WHAT TO PRODUCE ->
Using the records below, report how many lines hold "innerBl", with no extra text.

Stored data ->
-------------------------

Lemma selfadjoint_sqnorm_le (B : H -> H) (L : R) :
    linear B -> (forall x y, inner (B x) y = inner x (B y)) ->
    (forall x, 0 <= Re (inner (B x) x)) -> 0 < L ->
    (forall x, Re (inner (B x) x) <= L * sqnorm x) ->
  forall x, sqnorm (B x) <= L * Re (inner (B x) x).
Proof.
move=> linB' adjB B_ge0 L_gt0 B_le x.
have Bz_expand : Re (inner (B (L%:C *: x - B x)) (L%:C *: x - B x)) =
    L ^+ 2 * Re (inner (B x) x) - 2 * L * sqnorm (B x) + Re (inner (B (B x)) (B x)).
  rewrite (linB linB') (linZ linB') !innerBl !innerBr !innerZl !innerZr.
  by rewrite [inner (B (B x)) x]adjB /sqnorm; simpReIm; ring.
have := B_ge0 (L%:C *: x - B x); have := B_le (B x); rewrite Bz_expand => BBx_le BBx_ge0.
have : L * sqnorm (B x) <= L * (L * Re (inner (B x) x)) by move: BBx_le BBx_ge0; lra.
by rewrite ler_pM2l.
Qed.

Lemma inf_ratio_sqnorm (f : H -> R) (K : R) :
    (forall x, `|f x| <= K * sqnorm x) -> (exists x : H, x != 0) ->
  exists m, [/\ -K <= m <= K, forall x, m * sqnorm x <= f x
    & forall e, 0 < e -> exists x, f x < (m + e) * sqnorm x].
Proof.
move=> f_bdd [x0 x0_neq0].
pose E := [set r | exists2 x, x != 0 & r = f x / sqnorm x].
have E_neq0 : E !=set0 by exists (f x0 / sqnorm x0), x0.
have K_lb : lbound E (- K).
  move=> _ [x x_neq0 ->]; rewrite ler_pdivlMr ?sqnorm_gt0 // mulNr.
  by have := f_bdd x; rewrite ler_norml => /andP[].
have m_lb x : inf E * sqnorm x <= f x.
  have [->|x_neq0] := eqVneq x 0.
    by have := f_bdd 0; rewrite sqnorm0 !mulr0 normr_le0 => /eqP->.
  by rewrite -ler_pdivlMr ?sqnorm_gt0 //; apply: ge_inf; [exists (- K) | exists x].
exists (inf E); split=> //.
- rewrite lb_le_inf //=.
  have := le_trans (m_lb x0) (le_trans (ler_norm _) (f_bdd x0)).
  by rewrite ler_pM2r ?sqnorm_gt0.
- move=> e e_gt0; have : inf E < inf E + e by rewrite ltrDl.
  move=> /(inf_lt E_neq0)[_ [x x_neq0 ->]].
  by rewrite ltr_pdivrMr ?sqnorm_gt0 //; exists x.
Qed.

Lemma selfadjoint_approx_singular (A : H -> H) (m K : R) :
    linear A -> (forall x y, inner (A x) y = inner x (A y)) ->
    (forall x, m * sqnorm x <= Re (inner (A x) x)) ->
    (forall x, Re (inner (A x) x) <= K * sqnorm x) ->
    (forall e, 0 < e -> exists x, Re (inner (A x) x) < (m + e) * sqnorm x) ->
  approx_singular (fun x => A x - m%:C *: x).
Proof.
move=> linA adjA m_lb K_ub m_inf.
set B := fun x => A x - m%:C *: x.
have reB x : Re (inner (B x) x) = Re (inner (A x) x) - m * sqnorm x.
  by rewrite /B innerBl innerZl inner_self; simpReIm; ring.
have adjB x y : inner (B x) y = inner x (B y).
  by rewrite /B innerBl innerBr innerZl innerZr adjA conjc_real.
have B_ge0 x : 0 <= Re (inner (B x) x) by rewrite reB subr_ge0.
pose L := `|K - m| + 1.
have L_gt0 : 0 < L by rewrite /L; have := normr_ge0 (K - m); lra.
have B_le x : Re (inner (B x) x) <= L * sqnorm x.
  have := ler_wpM2r (sqnorm_ge0 x) (ler_norm (K - m)).
  by rewrite reB /L; have := K_ub x; have := sqnorm_ge0 x; lra.
have sqB_le := selfadjoint_sqnorm_le (linear_shift _ linA) adjB B_ge0 L_gt0 B_le.
move=> e e_gt0; have [x small] := m_inf (e / L) (divr_gt0 e_gt0 L_gt0).
exists x; apply: le_lt_trans (sqB_le x) _.
have -> : e * sqnorm x = L * (e / L * sqnorm x).
  by rewrite mulrA mulrCA mulfV ?gt_eqF ?mulr1.
by rewrite ltr_pM2l // reB; move: small; rewrite mulrDl; lra.
Qed.

Lemma unitary_pair_approx_eigenvalue W W' :
    unitary_pair W W' -> (exists x : H, x != 0) ->
  exists mu, [/\ mu * mu^*%C = 1, forall x, Re mu * sqnorm x <= Re (inner (W x) x)
    & approx_singular (fun x => W x - mu *: x)].
Proof.
move=> uW H_neq0; have [linW linW' adjW _ _] := uW.
have [_ _ adjW' _ _] := unitary_pair_sym uW.
pose A x := W x + W' x.
have linA : linear A by move=> a x y; rewrite /A linW linW' scalerDr addrACA.
have adjA x y : inner (A x) y = inner x (A y).
  by rewrite /A innerDl innerDr adjW adjW' addrC.
have reA x : Re (inner (A x) x) = 2 * Re (inner (W x) x).
  by rewrite /A innerDl adjW' [inner x (W x)]inner_conj; simpReIm; ring.
have A_bdd x : `|Re (inner (A x) x)| <= 2 * sqnorm x.
  rewrite reA normrM ger0_norm //; have := ler_re_inner (W x) x.
  by rewrite (unitary_pair_isometry _ uW); lra.
have [M [/andP[M_ge M_le] M_lb M_inf]] := inf_ratio_sqnorm A_bdd H_neq0.
have asA := selfadjoint_approx_singular linA adjA M_lb
  (fun x => le_trans (ler_norm _) (A_bdd x)) M_inf.
pose m := M / 2; pose t := Num.sqrt (1 - m ^+ 2).
have t2 : t ^+ 2 = 1 - m ^+ 2.
  by rewrite sqr_sqrtr // subr_ge0 /m; nra.
have unit_m s : s ^+ 2 = t ^+ 2 -> (m +i* s) * (m +i* s)^*%C = 1.
  by move=> s2; apply: complex_eq; simpReIm; nra.
(* [W + W' - 2 m] factors as [W' (W - (m + i t)) (W - (m - i t))]. *)
have asWW : approx_singular
    (fun x => W (W x - (m -i* t) *: x) - (m +i* t) *: (W x - (m -i* t) *: x)).
  apply: (approx_singular_transfer (V := id)) asA => // x.
  rewrite -(unitary_pair_isometry _ (unitary_pair_sym uW)) unitary_pair_factor //.
    by congr (sqnorm (_ - _ *: x)); apply: complex_eq; simpReIm; rewrite /m; lra.
  by apply: complex_eq; simpReIm; nra.
have good s : s ^+ 2 = t ^+ 2 -> approx_singular (fun x => W x - (m +i* s) *: x) ->
  exists mu, [/\ mu * mu^*%C = 1, forall x, Re mu * sqnorm x <= Re (inner (W x) x)
    & approx_singular (fun x => W x - mu *: x)].
  move=> s2 as_s; exists (m +i* s); split=> //; first exact: unit_m.
  by move=> x /=; have := M_lb x; rewrite reA /m; lra.
have [|] := approx_singular_comp (C := fun y => W y - (m +i* t) *: y) asWW.
  exact: good.
by apply: good; rewrite sqrrN.
Qed.

Lemma unitary_numerical_range_halfplane U U' (c : R[i]) :
    unitary_pair U U' -> c * c^*%C = 1 -> (exists x : H, x != 0) ->
    (forall z : R[i], spectrum inner U z -> 0 < Re (c^*%C * z)) ->
  exists2 m, 0 < m & forall x, m * sqnorm x <= Re (c^*%C * inner (U x) x).
Proof.
move=> uU cJc H_neq0 sp_half.
have [mu [_ mu_lb as_mu]] :=
  unitary_pair_approx_eigenvalue (unitary_pair_rotate cJc uU) H_neq0.
exists (Re mu); last by move=> x; rewrite -innerZl; apply: mu_lb.
have := sp_half (c * mu); rewrite mulrA [c^*%C * c]mulrC cJc mul1r; apply.
apply: approx_singular_spectrum; apply: (approx_singular_transfer (V := id)) as_mu => // x.
by rewrite -[sqnorm (c^*%C *: _ - _)](sqnorm_unitZ _ cJc) scalerBr !scalerA cJc scale1r.
Qed.

Lemma selfadjoint_inner_real (A : H -> H) x :
  (forall x y, inner (A x) y = inner x (A y)) -> Im (inner (A x) x) = 0.
Proof.
move=> adjA; have := congr1 (fun z : R[i] => Im z) (inner_conj (A x) x).
by rewrite -adjA ImJ; lra.
Qed.

Lemma approx_singular_near_real (U P : H -> H) (nu : R[i]) eta :
    (forall z, Im (inner (U z) (P z)) = 0) -> (forall z, sqnorm (U z) = sqnorm z) ->
    approx_singular (fun x => P x - nu *: x) -> 0 < eta ->
  exists2 x, x != 0 & `|Im (nu^*%C * inner (U x) x)| <= eta * sqnorm x.
Proof.
move=> UP_real isoU asP eta_gt0.
have [x small] := asP (eta ^+ 2) (exprn_gt0 _ eta_gt0).
have x_neq0 : x != 0.
  by apply: contraTneq small => ->; rewrite sqnorm0 mulr0 -leNgt sqnorm_ge0.
exists x => //.
have -> : Im (nu^*%C * inner (U x) x) = - Im (inner (U x) (P x - nu *: x)).
  by rewrite innerBr innerZr ImD ImN UP_real opprB subr0.
have := ler_im_inner (U x) (P x - nu *: x) eta_gt0; rewrite isoU.
have := sqnorm_ge0 x; move: small; rewrite normrN.
set a := `|_|; set Q := sqnorm x; set Pe := sqnorm _ => small Q_ge0 a_le.
have : 2 * eta * a <= 2 * eta * (eta * Q) by lra.
by rewrite ler_pM2l ?mulr_gt0.
Qed.

Lemma approx_singular_inverse W W' mu : unitary_pair W W' -> mu * mu^*%C = 1 ->
  approx_singular (fun x => W x - mu *: x) ->
  approx_singular (fun x => W' x - mu^*%C *: x).
Proof.
move=> uW mu_unit; apply: (approx_singular_transfer (V := id)) => // x /=.
have [_ linW' _ WK _] := uW.
have -> : W' x - mu^*%C *: x = (- mu^*%C) *: W' (W x - mu *: x).
  rewrite (linB linW') WK (linZ linW') scalerBr scalerA mulNr [mu^*%C * mu]mulrC mu_unit.
  by rewrite scaleN1r opprK scaleNr addrC.
rewrite sqnorm_unitZ ?(unitary_pair_isometry _ (unitary_pair_sym uW)) //.
by rewrite mulcJ_opp mulcJ_conj.
Qed.

Lemma approx_singular_conj (V W P : H -> H) nu :
    linear V -> (forall x, sqnorm (V x) = sqnorm x) -> (forall x, P (V x) = V (W x)) ->
  approx_singular (fun x => W x - nu *: x) -> approx_singular (fun x => P x - nu *: x).
Proof.
move=> linV isoV PV; apply: (approx_singular_transfer isoV) => x.
by rewrite PV -(linZ linV) -(linB linV) isoV.
Qed.

Lemma three_symmetries_not_quadrant (S1 S2 S3 U : H -> H) (b1 b2 : bool) (m1 m2 : R) :
    unitary_pair S1 S1 -> unitary_pair S2 S2 -> unitary_pair S3 S3 ->
    (forall x, U x = S1 (S2 (S3 x))) -> (exists x : H, x != 0) -> 0 < m1 -> 0 < m2 ->
    (forall x, m1 * sqnorm x <= (-1) ^+ b1 * Re (inner (U x) x)) ->
    (forall x, m2 * sqnorm x <= (-1) ^+ b2 * Im (inner (U x) x)) -> False.
Proof.
move=> u1 u2 u3 U_eq H_neq0 m1_gt0 m2_gt0 ReU ImU.
have [lin1 _ adj1 K1 _] := u1; have [_ _ adj2 _ _] := u2.
have uP := unitary_pair_comp u1 u3.
have [mu [mu_unit _ as_mu]] := unitary_pair_approx_eigenvalue uP H_neq0.
have as_muJ : approx_singular (fun x => S1 (S3 x) - mu^*%C *: x).
  apply: (approx_singular_conj (W := fun x => S3 (S1 x)) lin1) => // [x|].
    exact: unitary_pair_isometry u1.
  exact: approx_singular_inverse uP mu_unit as_mu.
have isoU x : sqnorm (U x) = sqnorm x.
  by rewrite U_eq !(unitary_pair_isometry _ u1, unitary_pair_isometry _ u2,
                     unitary_pair_isometry _ u3).
have UP_real z : Im (inner (U z) (S1 (S3 z))) = 0.
  by rewrite U_eq adj1 K1 (selfadjoint_inner_real _ adj2).
pose eta := m1 * m2 / 2.
have eta_gt0 : 0 < eta by rewrite divr_gt0 ?mulr_gt0.
have [x x_neq0] := approx_singular_near_real UP_real isoU as_muJ eta_gt0.
rewrite conjcK => ImX.
have [y y_neq0 ImY] := approx_singular_near_real UP_real isoU as_mu eta_gt0.
have ReU_le a z : a * a^*%C = 1 -> `|Re (a * inner (U z) z)| <= sqnorm z.
  move=> a_unit; rewrite -innerZl; have := ler_re_inner (a *: U z) z.
  by rewrite sqnorm_unitZ // isoU; lra.
have lower := quadrant_im_mul (ltW m1_gt0) (ltW m2_gt0) (sqnorm_ge0 x) (sqnorm_ge0 y)
  (ReU x) (ImU x) (ReU y) (ImU y).
have upper := im_mul_rotate_le mu_unit (ReU_le _ _ mu_unit) ImX
  (ReU_le _ _ (etrans (mulcJ_conj mu) mu_unit)) ImY.
have signed_upper : (-1) ^+ b1 * (-1) ^+ b2 * Im (inner (U x) x * inner (U y) y)
    <= 2 * eta * (sqnorm x * sqnorm y).
  by apply: le_trans (ler_norm _) _; rewrite !normrM !normr_sign !mul1r.
have := le_trans lower signed_upper.
have : 0 < m1 * m2 * (sqnorm x * sqnorm y) by rewrite !mulr_gt0 ?sqnorm_gt0.
rewrite /eta; lra.
Qed.

End InnerProduct.

Lemma cos_sin_gt0 (R : realType) (a : R) : 0 < a < pi / 2 -> 0 < cos a /\ 0 < sin a.
Proof.
move=> /andP[a_gt0 a_lt]; split; last by apply: sin_gt0_pihalf; rewrite a_gt0.
by apply: cos_gt0_pihalf; rewrite a_lt andbT; have := pi_gt0 R; lra.
Qed.

Lemma arcC_quadrant (R : realType) (k : nat) : (1 <= k <= 4)%N ->
  exists b1 b2 : bool, forall z : R[i], arcC k z ->
    0 < (-1) ^+ b1 * Re z /\ 0 < (-1) ^+ b2 * Im z.
Proof.
move=> k_range; exists ((k == 2) || (k == 3))%N, (2 < k)%N => _ [al [al_gt [al_lt ->]]] /=.
have pi_gt0 := pi_gt0 R.
pose a := 2%:R * pi * al - (k%:R - 1) * (pi / 2).
have a_range : 0 < a < pi / 2.
  have pi2_gt0 : 0 < 2%:R * pi :> R by rewrite mulr_gt0 ?ltr0n.
  have lo : 2%:R * pi * ((k%:R - 1) / 4%:R) < 2%:R * pi * al by rewrite ltr_pM2l.
  have hi : 2%:R * pi * al < 2%:R * pi * (k%:R / 4%:R) by rewrite ltr_pM2l.
  by rewrite /a; apply/andP; split; lra.
have [cos_gt0 sin_gt0] := cos_sin_gt0 a_range.
rewrite -[2%:R * pi * al](subrK ((k%:R - 1) * (pi / 2))) -/a.
clearbody a; case: k k_range al_gt al_lt => [|[|[|[|[|k]]]]] //= _ _ _.
- by rewrite subrr mul0r addr0 expr0 !mul1r.
- have -> : (2 - 1) * (pi / 2) = pi / 2 :> R by lra.
  by rewrite cosDpihalf sinDpihalf expr1 expr0 mulN1r mul1r opprK.
- have -> : (3 - 1) * (pi / 2) = pi :> R by lra.
  by rewrite cosDpi sinDpi expr1 !mulN1r !opprK.
- have -> : (4 - 1) * (pi / 2) = pi / 2 + pi :> R by lra.
  by rewrite addrA cosDpi sinDpi cosDpihalf sinDpihalf expr1 expr0 mulN1r mul1r !opprK.
Qed.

-------------------------

TASK RESPONSE ->
3